Work alongside passionate teammates who value creativity, and continuous learning.
Enjoy full access to advanced tools,
About the Role
As a Data Pipeline Engineer, you will architect and scale the data infrastructure that feeds our foundation models. Your primary mission is to extract, augment, and align human dexterous manipulation data from massive complex, multi-sensor and egocentric video datasets.

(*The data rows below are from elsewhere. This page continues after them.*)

(* Consider a finite-horizon tabular MDP with stationary transition kernel $P$, $S$ states, $A$ actions, horizon $H$, and $m$ i.i.d. episodes from behavior policy $\mu$; for each $t\in[H]$ let $V^{\rm in}_{t+1}:\mathcal S\to[0,H]$ be fixed (not depending on the data). With $n_{s,a}=\sum_{i=1}^m\sum_{u=1}^H\mathbf 1[s^{(i)}_u=s,a^{(i)}_u=a]$, define $\tilde\sigma_{V^{\rm in}_{t+1}}(s,a)=\sigma_{V^{\rm in}_{t+1}}(s,a)$ if $n_{s,a}\le\frac12m\sum_{t=1}^Hd^\mu_t(s,a)$, and otherwise \[ \tilde\sigma_{V^{\rm in}_{t+1}}(s,a)=\frac1{n_{s,a}}\sum_{i=1}^m\sum_{u=1}^H[V^{\rm in}_{t+1}(s^{(i)}_{u+1})]^2\mathbf 1[s^{(i)}_u=s,a^{(i)}_u=a]-\tilde z_t(s,a)^2, \] where $\tilde z_t(s,a)=\frac1{n_{s,a}}\sum_{i=1}^m\sum_{u=1}^HV^{\rm in}_{t+1}(s^{(i)}_{u+1})\mathbf 1[s^{(i)}_u=s,a^{(i)}_u=a]$. Then with probability at least $1-\delta$, for all $t\in[H]$ and $(s,a)$ with $\sum_td^\mu_t(s,a)>0$, \[ \big|\tilde\sigma_{V^{\rm in}_{t+1}}(s,a)-\sigma_{V^{\rm in}_{t+1}}(s,a)\big|\le6H^2\sqrt{\frac{\log(4HSA/\delta)}{m\sum_{t=1}^Hd^\mu_t(s,a)}}+\frac{4H^2\log(4HSA/\delta)}{m\sum_{t=1}^Hd^\mu_t(s,a)}. \]
   Context: Episodes: $s_1\sim d_1$, $a_u\sim\mu_u(\cdot|s_u)$, $s_{u+1}\sim P(\cdot|s_u,a_u)$. $d^\mu_t(s,a)=\mathbb P^\mu(s_t=s,a_t=a)$. $\sigma_V(s,a)=\mathrm{Var}_{s'\sim P(\cdot|s,a)}[V(s')]$. $\delta\in(0,1)$. *)

From HB Require Import structures.
From mathcomp Require Import all_boot all_order all_algebra.
From mathcomp Require Import reals exp.
Set Implicit Arguments. Unset Strict Implicit. Unset Printing Implicit Defensive.
Import Order.TTheory GRing.Theory Num.Theory.
Local Open Scope ring_scope.

Section Defs.
Variables (R : realType) (S A : finType) (H : nat).

(* An episode: states s_1..s_{H+1} (indices 0..H) and actions a_1..a_H (0..H-1). *)
Definition traj := ({ffun 'I_H.+1 -> S} * {ffun 'I_H -> A})%type.

Definition st (tr : traj) (u : 'I_H) : S := tr.1 (widen_ord (leqnSn H) u).
Definition st_next (tr : traj) (u : 'I_H) : S := tr.1 (lift ord0 u).
Definition act (tr : traj) (u : 'I_H) : A := tr.2 u.

Variables (d1 : S -> R) (mu : 'I_H -> S -> A -> R) (P : S -> A -> S -> R).

Definition is_distr (T : finType) (p : T -> R) :=
  (forall x, 0 <= p x) /\ \sum_(x : T) p x = 1.

Definition traj_prob (tr : traj) : R :=
  d1 (tr.1 ord0) *
  \prod_(u < H) (mu u (st tr u) (act tr u) * P (st tr u) (act tr u) (st_next tr u)).

Definition dmu (t : 'I_H) (s : S) (a : A) : R :=
  \sum_(tr : traj | (st tr t == s) && (act tr t == a)) traj_prob tr.

Definition sigmaV (V : S -> R) (s : S) (a : A) : R :=
  \sum_(s' : S) P s a s' * V s' ^+ 2 - (\sum_(s' : S) P s a s' * V s') ^+ 2.

Variable m : nat.
Definition dataset := {ffun 'I_m -> traj}.

Definition Pr_data (E : pred dataset) : R :=
  \sum_(D : dataset | E D) \prod_(i < m) traj_prob (D i).

Definition n_sa (D : dataset) (s : S) (a : A) : nat :=
  \sum_(i < m) \sum_(u < H) ((st (D i) u == s) && (act (D i) u == a) : nat).

Definition z_tilde (V : S -> R) (D : dataset) (s : S) (a : A) : R :=
  (n_sa D s a)%:R^-1 *
  \sum_(i < m) \sum_(u < H | (st (D i) u == s) && (act (D i) u == a)) V (st_next (D i) u).

Definition sigma_tilde (V : S -> R) (D : dataset) (s : S) (a : A) : R :=
  if (n_sa D s a)%:R <= 2^-1 * m%:R * \sum_(t < H) dmu t s a then sigmaV V s a
  else (n_sa D s a)%:R^-1 *
       \sum_(i < m) \sum_(u < H | (st (D i) u == s) && (act (D i) u == a))
          V (st_next (D i) u) ^+ 2
       - z_tilde V D s a ^+ 2.

End Defs.

From HB Require Import structures.
From mathcomp Require Import all_boot all_order all_algebra.
From mathcomp Require Import reals sequences exp.
From mathcomp Require Import ring lra.
Set Implicit Arguments. Unset Strict Implicit. Unset Printing Implicit Defensive.
Import Order.TTheory GRing.Theory Num.Theory.
Local Open Scope ring_scope.

(* Fix (t, s, a) and let W be V^in_{t+1} or its square, rescaled into [0, 1].  Summing
   λ (±(W(s') - E_{P(.|s,a)} W)) - λ^2/2 over all visits of (s, a) in the data gives a
   quantity whose exponential has expectation at most 1: at each visit the next state is
   drawn from P(.|s, a), and a centred variable with values in [-1, 1] and variance at most
   1/4 has E exp(λY - λ^2/2) <= 1 for λ <= 1.  By Markov's inequality and a union bound over
   t, s, a, the two moments and the two signs, with probability at least 1 - δ all these sums
   stay below L = log(4HSA/δ).  For N = m Σ_t d^μ_t(s, a) and λ = 2 sqrt(L/N) this bounds
   the deviation of both empirical moments by 2 sqrt(L/N) whenever n_{s,a} > N/2, while below
   that threshold the estimator is σ itself.  Comparing the variances through the two
   moments gives the factor 6 H^2. *)

Section ExponentialMoments.
Variable R : realType.

Lemma expR_le_quadratic (y : R) : y <= 1 -> expR y <= 1 + y + 2 * y ^+ 2.
Proof.
(* e^{y/2} (1 - y/2) <= 1, and (1 + y + 2 y^2)(1 - y/2)^2 = 1 + y^2 (5 - 2y)(1 - y) / 4 >= 1 *)
move=> y_le1.
set e := expR (y / 2).
have e_gt0 : 0 < e := expR_gt0 _.
have e_half : e * (1 - y / 2) <= 1.
  have := ler_wpM2l (ltW e_gt0) (expR_ge1Dx (- (y / 2))).
  by rewrite expRN -/e mulfV ?gt_eqF.
have -> : expR y = e ^+ 2 by rewrite -expRM_natl; congr expR; field.
have poly_ge1 : 1 <= (1 + y + 2 * y ^+ 2) * (1 - y / 2) ^+ 2.
  have : 0 <= y ^+ 2 * ((5 - 2 * y) * (1 - y)) by apply: mulr_ge0; nra.
  nra.
have e_sq : (e * (1 - y / 2)) ^+ 2 <= 1 by rewrite expr_le1 //; nra.
have Q_ge0 : 0 <= 1 + y + 2 * y ^+ 2 by nra.
have := ler_wpM2l (sqr_ge0 e) poly_ge1; have := ler_wpM2l Q_ge0 e_sq.
rewrite mulr1 exprMn; nra.
Qed.

Lemma mgf_centered_le1 (T : finType) (p Y : T -> R) (lam : R) :
  (forall x, 0 <= p x) -> \sum_x p x = 1 -> \sum_x p x * Y x = 0 ->
  \sum_x p x * Y x ^+ 2 <= 4^-1 -> (forall x, Y x <= 1) -> 0 <= lam <= 1 ->
  \sum_x p x * expR (lam * Y x - lam ^+ 2 / 2) <= 1.
Proof.
move=> p_ge0 p_sum1 p_mean0 p_var Y_le1 /andP[lam_ge0 lam_le1].
set c := lam ^+ 2 / 2.
have pointwise x : p x * expR (lam * Y x - c) <=
    expR (- c) * (p x + lam * (p x * Y x) + 2 * lam ^+ 2 * (p x * Y x ^+ 2)).
  rewrite expRD mulrA mulrC ler_wpM2l ?expR_ge0 //.
  have -> : p x + lam * (p x * Y x) + 2 * lam ^+ 2 * (p x * Y x ^+ 2) =
      p x * (1 + lam * Y x + 2 * (lam * Y x) ^+ 2) by ring.
  by rewrite ler_wpM2l // expR_le_quadratic //; have := Y_le1 x; nra.
apply: le_trans (ler_sum _ (fun x _ => pointwise x)) _.
rewrite -mulr_sumr !big_split /= -!mulr_sumr p_sum1 p_mean0 mulr0 addr0.
have mgf_c : 1 + 2 * lam ^+ 2 * \sum_x p x * Y x ^+ 2 <= expR c.
  by apply: le_trans (expR_ge1Dx c); rewrite /c; nra.
apply: le_trans (ler_wpM2l (expR_ge0 (- c)) mgf_c) _.
by rewrite expRN mulVf ?gt_eqF ?expR_gt0.
Qed.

Crucially, you will build advanced post-processing algorithms to perform deep force analysis and infer hidden states from raw data—such as processing direct force-torque outputs to quantify grasp dynamics, estimating contact forces from visual cues, extrapolating heavily occluded hand positions, or deriving 3D geometry from 2D frames. You will use spatial, temporal, and cross-modal data augmentation to multiply the value of every minute of data our teleoperation team collects.
What You Will Be Doing
Multimodal Data Pipelines: Architect highly efficient, scalable pipelines to ingest, decode, and synchronously process thousands of hours of high-resolution egocentric video alongside rich sensor streams (IMUs, force-torque sensors, tactile pads, and joint proprioception).
Force Analysis & Hidden State Inference: Develop sophisticated post-processing algorithms to analyze force interactions and infer unobservable or missing states from raw data. This includes calibrating and cleaning direct force-aware data collections, estimating contact forces from object deformation, tracking occluded objects during complex manipulation, or applying inverse kinematics to fill in missing joint trajectories.
Kinematic Retargeting & Alignment: Develop algorithms to translate 3D human hand tracking, wrist motion, and pose estimation into the specific 6DoF/joint-space coordinates of our humanoid’s end-effectors, relying on sensor fusion to ensure absolute precision.
Advanced Data Augmentation: Implement robust data augmentation strategies (spatial transformations, temporal scaling, synthetic viewpoints, and sensor noise injection) to expand expert trajectories and improve the robustness of our learning models.
Teleoperation Synchronization: Work closely with the Hardware Teleoperation Team (UMI & Console operators) to perfectly align human-robot play-data (haptics, force profiles, video, audio, telemetry) with large-scale pre-training datasets.
What We Are Looking For
Education: B.S., M.S., or Ph.D. in Computer Science, Data Engineering, Machine Learning, Robotics, or a related field.
Programming & ML Frameworks: Deep expertise in Python and extensive experience with PyTorch, specifically in handling custom dataloaders for multimodal datasets.
Force & Time-Series Data Processing: Experience analyzing and processing complex time-series data from force-torque (F/T) sensors, load cells, or tactile arrays, ensuring pristine alignment with visual frames.
Video Processing Expertise: Mastery of video processing pipelines and libraries (OpenCV, FFmpeg, Decord) and managing the I/O bottlenecks of terabyte-scale video datasets.
Computer Vision / Pose Estimation: Hands-on experience with 3D hand tracking, human pose estimation (e.g., MediaPipe), and spatial geometry calculations.
Embodied AI Familiarity: Strong understanding of modern imitation learning paradigms, VLA architectures, and frameworks focused on human-to-robot transfer (e.g., EgoScale, EgoMimic, or OpenVLA).
Data Augmentation: Proven ability to implement programmatic and generative data augmentation techniques for computer vision and time-series data.
Bonus Skills
Experience with NVIDIA’s robotic software stack (Isaac, Cosmos, or components of the GR00T framework).
Familiarity with distributed data processing systems (Ray, Apache Spark) for cluster computing.
Background in generating or utilizing synthetic robotic data via simulation (Omniverse, MuJoCo).
Experience integrating spatial awareness or tactile data representations (e.g., Fourier encoding) into visual pipelines.
Persona AI is an Equal Opportunity Employer.
All qualified applicants will receive consideration for employment without regard to race, color, religion, sex, national origin, sexual orientation, gender identity, age, disability, veteran status, or any other characteristic protected by applicable federal, state, or local law.